Brief:
For the material below, output exactly the span from the line with "- by rewrite -texp_root_log" to the line with "move=> gi gj gij giij /Lim_texp_prod [v gE].", including both, and nothing besides.

Data supplied:
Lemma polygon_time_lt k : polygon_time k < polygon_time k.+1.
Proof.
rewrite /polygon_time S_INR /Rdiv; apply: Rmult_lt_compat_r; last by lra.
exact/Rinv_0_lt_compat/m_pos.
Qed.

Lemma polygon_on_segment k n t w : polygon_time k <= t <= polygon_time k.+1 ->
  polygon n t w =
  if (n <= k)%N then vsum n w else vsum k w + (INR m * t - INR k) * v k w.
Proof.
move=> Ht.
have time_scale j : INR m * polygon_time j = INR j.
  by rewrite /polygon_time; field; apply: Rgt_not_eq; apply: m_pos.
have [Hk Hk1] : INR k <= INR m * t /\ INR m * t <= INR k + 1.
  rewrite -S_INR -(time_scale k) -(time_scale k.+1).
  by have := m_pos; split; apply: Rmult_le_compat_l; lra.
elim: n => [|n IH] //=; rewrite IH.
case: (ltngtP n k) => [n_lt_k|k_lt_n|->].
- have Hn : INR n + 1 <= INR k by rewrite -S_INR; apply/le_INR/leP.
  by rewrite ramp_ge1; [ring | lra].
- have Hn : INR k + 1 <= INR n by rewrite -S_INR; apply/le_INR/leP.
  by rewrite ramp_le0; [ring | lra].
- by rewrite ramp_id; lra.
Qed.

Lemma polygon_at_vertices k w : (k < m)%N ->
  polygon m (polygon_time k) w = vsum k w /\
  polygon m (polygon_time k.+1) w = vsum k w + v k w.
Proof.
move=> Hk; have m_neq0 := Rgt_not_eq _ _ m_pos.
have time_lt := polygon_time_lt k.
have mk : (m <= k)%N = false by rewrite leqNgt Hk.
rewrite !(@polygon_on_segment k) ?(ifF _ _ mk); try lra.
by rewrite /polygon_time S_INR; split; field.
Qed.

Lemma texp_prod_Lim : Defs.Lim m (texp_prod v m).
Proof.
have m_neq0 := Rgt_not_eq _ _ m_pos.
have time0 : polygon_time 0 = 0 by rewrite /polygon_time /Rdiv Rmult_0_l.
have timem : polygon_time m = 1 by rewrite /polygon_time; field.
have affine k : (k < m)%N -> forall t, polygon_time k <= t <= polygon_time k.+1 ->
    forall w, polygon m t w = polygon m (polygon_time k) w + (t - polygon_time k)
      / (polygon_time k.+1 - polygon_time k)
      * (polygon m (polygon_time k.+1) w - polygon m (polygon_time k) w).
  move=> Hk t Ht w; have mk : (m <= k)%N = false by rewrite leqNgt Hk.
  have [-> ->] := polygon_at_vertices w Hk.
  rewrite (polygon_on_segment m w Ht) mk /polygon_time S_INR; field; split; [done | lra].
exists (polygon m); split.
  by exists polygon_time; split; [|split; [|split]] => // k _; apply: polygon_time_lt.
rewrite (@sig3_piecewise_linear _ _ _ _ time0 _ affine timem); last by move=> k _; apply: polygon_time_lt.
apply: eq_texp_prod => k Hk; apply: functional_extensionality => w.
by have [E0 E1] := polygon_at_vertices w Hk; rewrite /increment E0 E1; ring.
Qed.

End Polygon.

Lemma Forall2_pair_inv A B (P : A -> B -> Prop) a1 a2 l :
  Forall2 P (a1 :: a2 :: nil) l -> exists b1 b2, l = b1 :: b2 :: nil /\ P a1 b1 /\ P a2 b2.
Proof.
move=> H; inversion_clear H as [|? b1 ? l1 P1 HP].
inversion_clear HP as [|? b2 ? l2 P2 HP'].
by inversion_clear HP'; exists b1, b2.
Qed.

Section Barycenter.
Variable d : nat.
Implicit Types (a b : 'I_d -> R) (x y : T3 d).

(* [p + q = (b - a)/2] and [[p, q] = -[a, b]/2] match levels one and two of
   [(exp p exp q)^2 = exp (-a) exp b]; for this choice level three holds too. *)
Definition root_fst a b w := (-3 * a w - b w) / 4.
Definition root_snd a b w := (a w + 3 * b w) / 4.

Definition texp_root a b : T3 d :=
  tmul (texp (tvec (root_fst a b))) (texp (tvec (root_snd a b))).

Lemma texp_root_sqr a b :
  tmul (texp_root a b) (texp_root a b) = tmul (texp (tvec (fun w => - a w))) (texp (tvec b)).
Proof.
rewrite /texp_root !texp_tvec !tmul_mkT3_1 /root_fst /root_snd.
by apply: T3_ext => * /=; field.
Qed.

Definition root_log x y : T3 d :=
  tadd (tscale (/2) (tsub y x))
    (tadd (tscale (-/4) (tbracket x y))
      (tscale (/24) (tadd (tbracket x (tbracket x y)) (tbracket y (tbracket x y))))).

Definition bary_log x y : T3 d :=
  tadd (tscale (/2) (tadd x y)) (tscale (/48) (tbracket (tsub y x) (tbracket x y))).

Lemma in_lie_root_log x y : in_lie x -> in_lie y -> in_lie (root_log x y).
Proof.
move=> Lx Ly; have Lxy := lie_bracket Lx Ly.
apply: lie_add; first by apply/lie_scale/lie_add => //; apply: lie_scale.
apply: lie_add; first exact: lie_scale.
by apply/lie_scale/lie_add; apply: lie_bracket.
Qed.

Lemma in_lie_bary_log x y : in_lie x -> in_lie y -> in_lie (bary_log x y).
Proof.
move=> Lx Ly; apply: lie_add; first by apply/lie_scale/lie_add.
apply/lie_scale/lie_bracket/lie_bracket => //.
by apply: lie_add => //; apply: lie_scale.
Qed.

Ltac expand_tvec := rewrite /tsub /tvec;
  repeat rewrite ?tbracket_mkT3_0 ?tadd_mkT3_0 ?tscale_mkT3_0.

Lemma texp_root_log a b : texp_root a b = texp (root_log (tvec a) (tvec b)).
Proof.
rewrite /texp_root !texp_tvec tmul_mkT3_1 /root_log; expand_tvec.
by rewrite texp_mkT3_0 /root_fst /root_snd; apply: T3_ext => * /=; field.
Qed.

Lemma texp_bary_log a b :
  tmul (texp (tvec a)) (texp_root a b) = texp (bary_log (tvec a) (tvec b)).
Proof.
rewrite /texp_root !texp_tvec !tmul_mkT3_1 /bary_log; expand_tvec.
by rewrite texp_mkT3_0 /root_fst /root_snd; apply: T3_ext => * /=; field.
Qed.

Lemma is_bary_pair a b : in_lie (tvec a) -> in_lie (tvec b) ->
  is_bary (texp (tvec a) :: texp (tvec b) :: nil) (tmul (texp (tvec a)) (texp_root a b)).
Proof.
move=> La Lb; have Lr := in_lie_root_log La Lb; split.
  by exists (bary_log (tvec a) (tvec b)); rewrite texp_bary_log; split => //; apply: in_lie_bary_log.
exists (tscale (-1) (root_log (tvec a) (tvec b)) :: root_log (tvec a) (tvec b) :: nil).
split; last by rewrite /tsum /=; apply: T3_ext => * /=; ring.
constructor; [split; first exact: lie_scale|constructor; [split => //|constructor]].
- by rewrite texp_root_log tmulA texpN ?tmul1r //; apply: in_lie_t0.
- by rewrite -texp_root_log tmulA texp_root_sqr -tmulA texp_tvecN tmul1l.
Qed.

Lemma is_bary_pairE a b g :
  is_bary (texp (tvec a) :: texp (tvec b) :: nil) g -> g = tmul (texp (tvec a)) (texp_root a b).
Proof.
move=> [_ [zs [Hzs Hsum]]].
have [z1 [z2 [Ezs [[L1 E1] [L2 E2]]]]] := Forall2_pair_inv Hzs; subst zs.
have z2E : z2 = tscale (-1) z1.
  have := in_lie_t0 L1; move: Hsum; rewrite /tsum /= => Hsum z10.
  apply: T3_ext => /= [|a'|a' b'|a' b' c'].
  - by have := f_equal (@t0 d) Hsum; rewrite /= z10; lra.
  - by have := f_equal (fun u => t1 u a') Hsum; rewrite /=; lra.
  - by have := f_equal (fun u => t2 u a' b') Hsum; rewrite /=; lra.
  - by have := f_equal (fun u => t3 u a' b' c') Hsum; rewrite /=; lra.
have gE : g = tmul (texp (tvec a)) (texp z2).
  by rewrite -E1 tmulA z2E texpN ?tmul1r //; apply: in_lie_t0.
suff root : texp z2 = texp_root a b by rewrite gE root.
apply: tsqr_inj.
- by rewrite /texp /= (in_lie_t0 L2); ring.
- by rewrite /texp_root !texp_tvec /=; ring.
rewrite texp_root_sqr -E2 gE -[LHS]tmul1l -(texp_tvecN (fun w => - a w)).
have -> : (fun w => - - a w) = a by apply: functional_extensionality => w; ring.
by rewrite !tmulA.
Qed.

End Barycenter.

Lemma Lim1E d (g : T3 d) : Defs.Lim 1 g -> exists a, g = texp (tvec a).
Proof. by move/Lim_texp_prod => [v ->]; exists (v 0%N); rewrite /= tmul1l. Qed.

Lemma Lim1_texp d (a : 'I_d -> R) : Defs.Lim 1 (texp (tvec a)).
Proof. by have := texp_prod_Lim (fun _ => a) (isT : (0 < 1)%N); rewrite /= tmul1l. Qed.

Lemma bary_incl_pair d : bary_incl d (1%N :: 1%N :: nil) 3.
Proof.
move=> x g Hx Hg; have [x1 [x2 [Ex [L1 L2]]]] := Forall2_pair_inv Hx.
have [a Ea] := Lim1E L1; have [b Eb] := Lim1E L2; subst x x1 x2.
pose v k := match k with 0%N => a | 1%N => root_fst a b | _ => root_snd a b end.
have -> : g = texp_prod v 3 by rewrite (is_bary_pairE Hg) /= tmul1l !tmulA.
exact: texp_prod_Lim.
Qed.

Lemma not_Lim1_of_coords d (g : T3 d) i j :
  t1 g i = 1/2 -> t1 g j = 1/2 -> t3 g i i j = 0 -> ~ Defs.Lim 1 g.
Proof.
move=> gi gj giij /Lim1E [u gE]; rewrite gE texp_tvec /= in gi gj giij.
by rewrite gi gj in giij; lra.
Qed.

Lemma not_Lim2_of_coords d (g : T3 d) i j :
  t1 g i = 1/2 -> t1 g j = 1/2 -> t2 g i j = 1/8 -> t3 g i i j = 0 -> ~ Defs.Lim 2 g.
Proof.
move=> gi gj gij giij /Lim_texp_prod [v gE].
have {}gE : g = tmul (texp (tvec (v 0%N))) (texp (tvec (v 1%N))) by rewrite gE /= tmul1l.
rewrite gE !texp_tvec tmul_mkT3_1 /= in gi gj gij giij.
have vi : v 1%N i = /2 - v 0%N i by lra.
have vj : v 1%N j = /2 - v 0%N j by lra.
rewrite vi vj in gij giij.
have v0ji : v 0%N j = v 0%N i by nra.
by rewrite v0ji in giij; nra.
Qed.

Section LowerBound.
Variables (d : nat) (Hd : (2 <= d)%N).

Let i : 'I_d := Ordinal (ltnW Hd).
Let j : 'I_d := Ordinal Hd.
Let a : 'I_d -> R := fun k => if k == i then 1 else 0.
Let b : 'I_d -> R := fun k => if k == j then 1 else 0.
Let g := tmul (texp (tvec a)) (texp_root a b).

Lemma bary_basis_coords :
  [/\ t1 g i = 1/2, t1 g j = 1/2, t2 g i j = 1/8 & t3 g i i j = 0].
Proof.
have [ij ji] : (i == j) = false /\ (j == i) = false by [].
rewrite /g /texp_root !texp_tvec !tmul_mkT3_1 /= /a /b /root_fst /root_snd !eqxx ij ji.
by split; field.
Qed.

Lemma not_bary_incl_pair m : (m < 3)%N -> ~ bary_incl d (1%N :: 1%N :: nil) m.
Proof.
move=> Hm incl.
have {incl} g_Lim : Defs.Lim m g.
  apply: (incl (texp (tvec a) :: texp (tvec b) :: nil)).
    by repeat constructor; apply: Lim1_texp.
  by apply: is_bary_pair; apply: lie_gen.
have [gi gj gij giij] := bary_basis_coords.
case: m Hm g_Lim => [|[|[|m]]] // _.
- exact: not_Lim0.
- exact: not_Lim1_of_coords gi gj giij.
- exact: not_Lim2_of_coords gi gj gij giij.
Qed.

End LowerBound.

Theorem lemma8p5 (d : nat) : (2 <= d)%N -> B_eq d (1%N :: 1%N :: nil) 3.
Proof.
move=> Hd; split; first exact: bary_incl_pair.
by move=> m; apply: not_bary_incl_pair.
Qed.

Answer box:
- by rewrite -texp_root_log tmulA texp_root_sqr -tmulA texp_tvecN tmul1l.
Qed.

Lemma is_bary_pairE a b g :
  is_bary (texp (tvec a) :: texp (tvec b) :: nil) g -> g = tmul (texp (tvec a)) (texp_root a b).
Proof.
move=> [_ [zs [Hzs Hsum]]].
have [z1 [z2 [Ezs [[L1 E1] [L2 E2]]]]] := Forall2_pair_inv Hzs; subst zs.
have z2E : z2 = tscale (-1) z1.
  have := in_lie_t0 L1; move: Hsum; rewrite /tsum /= => Hsum z10.
  apply: T3_ext => /= [|a'|a' b'|a' b' c'].
  - by have := f_equal (@t0 d) Hsum; rewrite /= z10; lra.
  - by have := f_equal (fun u => t1 u a') Hsum; rewrite /=; lra.
  - by have := f_equal (fun u => t2 u a' b') Hsum; rewrite /=; lra.
  - by have := f_equal (fun u => t3 u a' b' c') Hsum; rewrite /=; lra.
have gE : g = tmul (texp (tvec a)) (texp z2).
  by rewrite -E1 tmulA z2E texpN ?tmul1r //; apply: in_lie_t0.
suff root : texp z2 = texp_root a b by rewrite gE root.
apply: tsqr_inj.
- by rewrite /texp /= (in_lie_t0 L2); ring.
- by rewrite /texp_root !texp_tvec /=; ring.
rewrite texp_root_sqr -E2 gE -[LHS]tmul1l -(texp_tvecN (fun w => - a w)).
have -> : (fun w => - - a w) = a by apply: functional_extensionality => w; ring.
by rewrite !tmulA.
Qed.

End Barycenter.

Lemma Lim1E d (g : T3 d) : Defs.Lim 1 g -> exists a, g = texp (tvec a).
Proof. by move/Lim_texp_prod => [v ->]; exists (v 0%N); rewrite /= tmul1l. Qed.

Lemma Lim1_texp d (a : 'I_d -> R) : Defs.Lim 1 (texp (tvec a)).
Proof. by have := texp_prod_Lim (fun _ => a) (isT : (0 < 1)%N); rewrite /= tmul1l. Qed.

Lemma bary_incl_pair d : bary_incl d (1%N :: 1%N :: nil) 3.
Proof.
move=> x g Hx Hg; have [x1 [x2 [Ex [L1 L2]]]] := Forall2_pair_inv Hx.
have [a Ea] := Lim1E L1; have [b Eb] := Lim1E L2; subst x x1 x2.
pose v k := match k with 0%N => a | 1%N => root_fst a b | _ => root_snd a b end.
have -> : g = texp_prod v 3 by rewrite (is_bary_pairE Hg) /= tmul1l !tmulA.
exact: texp_prod_Lim.
Qed.

Lemma not_Lim1_of_coords d (g : T3 d) i j :
  t1 g i = 1/2 -> t1 g j = 1/2 -> t3 g i i j = 0 -> ~ Defs.Lim 1 g.
Proof.
move=> gi gj giij /Lim1E [u gE]; rewrite gE texp_tvec /= in gi gj giij.
by rewrite gi gj in giij; lra.
Qed.

Lemma not_Lim2_of_coords d (g : T3 d) i j :
  t1 g i = 1/2 -> t1 g j = 1/2 -> t2 g i j = 1/8 -> t3 g i i j = 0 -> ~ Defs.Lim 2 g.
Proof.
move=> gi gj gij giij /Lim_texp_prod [v gE].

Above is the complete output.